Forest Effects on Snow Accumulation and Melt

 

Mentors: Jim Roche (NPS, UC Merced) and Dr. Roger Bales (UC Merced)

 

Forest canopy density affects accumulation and melt of the seasonal snowpack that, in turn, impacts water availability for vegetation and runoff. This project will assess snow depth data in areas of differing forest canopy cover. The prospective students will gather forest canopy cover data in the field at instrumented locations and areas where snow depth has been determined by remote sensing methods such as LiDAR. Data analysis will consist of correlating snow depth and forest canopy cover metrics. As time allows, we may collect additional canopy cover data in plots burned in the recent Rim Fire in order to assess potential impacts of fire on snow accumulation and melt.

 

 

 

Influence of the Rim Fire on Great Gray Owls and Spotted Owls

 

Mentor: Sarah Stock (NPS)

 

The 2013 Rim Fire burned over 78,000 acres within Yosemite, altering important wildlife habitat. Two species of conservation concern that could be strongly affected are the Great Gray Owl and the Spotted Owl. Approximately 20% of the park’s known Great Gray Owl nesting sites is within or immediately adjacent to the fire footprint, as are about 50% of known Spotted Owl nest sites. Spotted Owls nest in similar habitat to Great Grays Owls, but studies have suggested they may be more resilient to fire within their breeding areas. The REU student will be responsible for surveying Great Gray Owls and Spotted Owls in burned and unburned areas and characterizing any differences or similarities in occupancy and habitat use.

 

 

 

Red-fir Forest Structure and Health in Active Fire Regime Landscapes

 

Mentor: Marc Meyer (USDA Forest Service Pacific Southwest Region)

 

Contemporary, unlogged landscapes with an active fire regime provide ideal reference sites for quantifying the Natural Range of Variation (NRV) with respect to stand and landscape-level variables in Sierra Nevada forests.
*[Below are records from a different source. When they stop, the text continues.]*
Lemma Czerob_spec (z : C) : Czerob z = true <-> z = RtoC 0.
Proof. unfold Czerob. destruct (Ceq_dec z (RtoC 0)); split; congruence. Qed.

Lemma nat_count_Cpoly_roots_lt (cs : list C) (q : nat) : last cs (RtoC 0) <> RtoC 0 ->
  (nat_count (fun r => Czerob (Cpoly_eval cs (cis_frac r q))) q < length cs)%nat.
Proof.
  intros Hlast. rewrite <- nat_count_filter, <- (length_map (fun r => cis_frac r q)).
  apply Cpoly_roots_lt_length; auto.
  - apply NoDup_map_NoDup_ForallPairs; [|apply NoDup_filter, seq_NoDup].
    intros x y Hx Hy. apply filter_In in Hx as [Hx _]. apply filter_In in Hy as [Hy _].
    apply in_seq in Hx. apply in_seq in Hy. apply cis_frac_inj; lia.
  - intros z Hz. apply in_map_iff in Hz as [r [<- Hr]].
    apply filter_In in Hr as [_ Hr]. apply Czerob_spec, Hr.
Qed.

Lemma length_le_nat_count (f : nat -> bool) (P : nat) (l : list Z) : NoDup l ->
  (forall n, In n l -> (0 <= n < Z.of_nat P)%Z /\ f (Z.to_nat n) = true) ->
  (length l <= nat_count f P)%nat.
Proof.
  intros Hnd Hl. rewrite <- nat_count_filter, <- (length_map Z.to_nat l).
  apply NoDup_incl_length.
  - apply NoDup_map_NoDup_ForallPairs; auto.
    intros x y Hx Hy. destruct (Hl x Hx), (Hl y Hy). lia.
  - intros x Hx. apply in_map_iff in Hx as [n [<- Hn]].
    destruct (Hl n Hn) as [Hrange Hf]. apply filter_In. split; auto.
    apply in_seq. lia.
Qed.

(** * The refinement equation *)

Lemma Clim_seq_unique (u : nat -> C) (a b : C) :
  filterlim u eventually (locally a) -> filterlim u eventually (locally b) -> a = b.
Proof.
  intros Ha Hb.
  assert (PF : ProperFilter' (@eventually)) by (apply Proper_StrongProper, eventually_filter).
  exact (@filterlim_locally_unique nat R_AbsRing C_R_NormedModule eventually PF u a b Ha Hb).
Qed.

Lemma Clim_seq_succ (u : nat -> C) (a : C) :
  filterlim u eventually (locally a) -> filterlim (fun n => u (S n)) eventually (locally a).
Proof.
  intros H. apply (filterlim_comp _ _ _ S u eventually eventually); auto.
  intros P [N HN]. exists N. intros n Hn. apply HN. lia.
Qed.

Lemma Clim_seq_Cmult_l (u : nat -> C) (a g : C) :
  filterlim u eventually (locally a) ->
  filterlim (fun n => Cmult g (u n)) eventually (locally (Cmult g a)).
Proof.
  intros H. apply (filterlim_comp _ _ _ u (fun z => Cmult g z) eventually (locally a)); auto.
  apply (filterlim_scal_r (K := C_AbsRing) (V := C_NormedModule) g a).
Qed.

Lemma Cprod_lt_succ_l (f : nat -> C) (n : nat) :
  Cprod_lt f (S n) = Cmult (f O) (Cprod_lt (fun j => f (S j)) n).
Proof. induction n; simpl in *; [|rewrite IHn]; ring. Qed.

Lemma Cprod_lt_ext (f g : nat -> C) (n : nat) :
  (forall j, f j = g j) -> Cprod_lt f n = Cprod_lt g n.
Proof. intros H; induction n; simpl; rewrite ?IHn, ?H; auto. Qed.

Lemma eq_mod_pow_le (p X Y E E' : nat) : (E' <= E)%nat ->
  (X mod p ^ E = Y mod p ^ E)%nat -> (X mod p ^ E' = Y mod p ^ E')%nat.
Proof.
  intros HE H. replace E with (E' + (E - E'))%nat in H by lia.
  rewrite Nat.pow_add_r, !Nat.Div0.mod_mul_r in H.
  assert (Hr : forall a b c, ((a mod b + b * c) mod b = a mod b)%nat).
  { intros. rewrite Nat.mul_comm, Nat.Div0.mod_add, Nat.Div0.mod_mod. reflexivity. }
  rewrite <- (Hr X _ ((X / p ^ E') mod p ^ (E - E'))%nat), H, Hr. reflexivity.
Qed.

Lemma powerRZ_INR_le_pow_to_nat (p : nat) (L : Z) : (0 < p)%nat ->
  powerRZ (INR p) L <= INR (p ^ Z.to_nat L).
Proof.
  intros Hp. destruct (Z_le_gt_dec 0 L) as [HL|HL].
  - rewrite <- (Z2Nat.id L) at 1 by exact HL. rewrite <- pow_powerRZ, pow_INR. lra.
  - replace L with (- Z.of_nat (Z.to_nat (- L)))%Z by lia.
    rewrite powerRZ_neg', <- pow_powerRZ.
    replace (Z.to_nat (- Z.of_nat (Z.to_nat (- L)))) with 0%nat by lia.
    simpl. rewrite <- Rinv_1. apply Rinv_le_contravar; [lra|].
    apply pow_R1_Rle. apply (le_INR 1). lia.
Qed.

Definition Qp_nat (p : nat) (Hp0 : (0 < p)%nat) (X : nat) (M : Z) : Qp p :=
  Qp_of_frac p Hp0 (Z.of_nat X) M.

Definition trig_coefs (c : nat -> C) (d : nat) : list C := map c (seq 0 (S d)).

Section Refinement.

Variables (p : nat) (Hp0 : (0 < p)%nat) (c : nat -> C) (K d : nat) (Cst : R)
  (phi : Qp p -> C) (M N : Z).
Hypothesis Hp1 : (1 < p)%nat.
Hypothesis Hdeg : is_deg c K d.
Hypothesis Hphi : forall xi : Qp p,
  filterlim (fun n => Cmult (RtoC Cst)
                (Cprod_lt (fun j => trig_poly c K (Qp_divpow xi (N - Z.of_nat j)%Z)) n))
    eventually (locally (phi xi)).
Hypothesis Hsupp : forall xi : Qp p, phi xi <> RtoC 0 -> in_ball M xi.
Recent studies within these active fire regime landscapes have provided numerous insights in the NRV of mixed conifer and yellow pine forests, but currently this information is lacking for red fir (Abies magnifica) forest ecosystems in the bioregion. Such information is timely since many red fir forests in the region are exhibiting early signs of moisture stress and compromised health. We propose to address this information need by quantifying stand and health variables in reference red fir forests that have burned within their historic fire return interval. Our aim is to provide estimates of the NRV of red fir forest structure and health across a range of red fir forest types, topographies, and geographic regions of the Sierra Nevada. Results of this study will be supportive of forest management planning efforts in the Sierra Nevada.

 

Effects of Fire on Seedling Germination of the Giant Sequoia

Mentor: Thomas Reyes (NPS)

Giant sequoias (Sequoiadendron giganteum) can become ancient and massive trees but only exist in 74 groves scattered across the Sierra Nevada. A recent study of the three sequoia groves in Yosemite National Park provided a complete tree demography as well as valuable insight on the health and status of these unique ecosystems.  A startling finding was that there are few young trees and no seedlings in the Merced and Tuolumne Groves, likely a result of insufficient fire in past decades.  A long history of fire suppression has left these groves with few canopy openings for new seedlings to germinate and thrive. As a consequence of actions taken to fight the massive Rim Fire in 2013, these two adjacent groves (the Merced Grove prevented from burning; the Tuolumne Grove back-burned as a protection measure) have serendipitously become a controlled study testing the recommendation for increased clearing and understory burning. This study proposes to take advantage of this window of opportunity to examine the effects of fire on giant sequoia seedling germination at these groves.  The student will also be given the opportunity to develop their own research question that will help guide future management actions and ensure the development a healthy new generation of giant sequoias.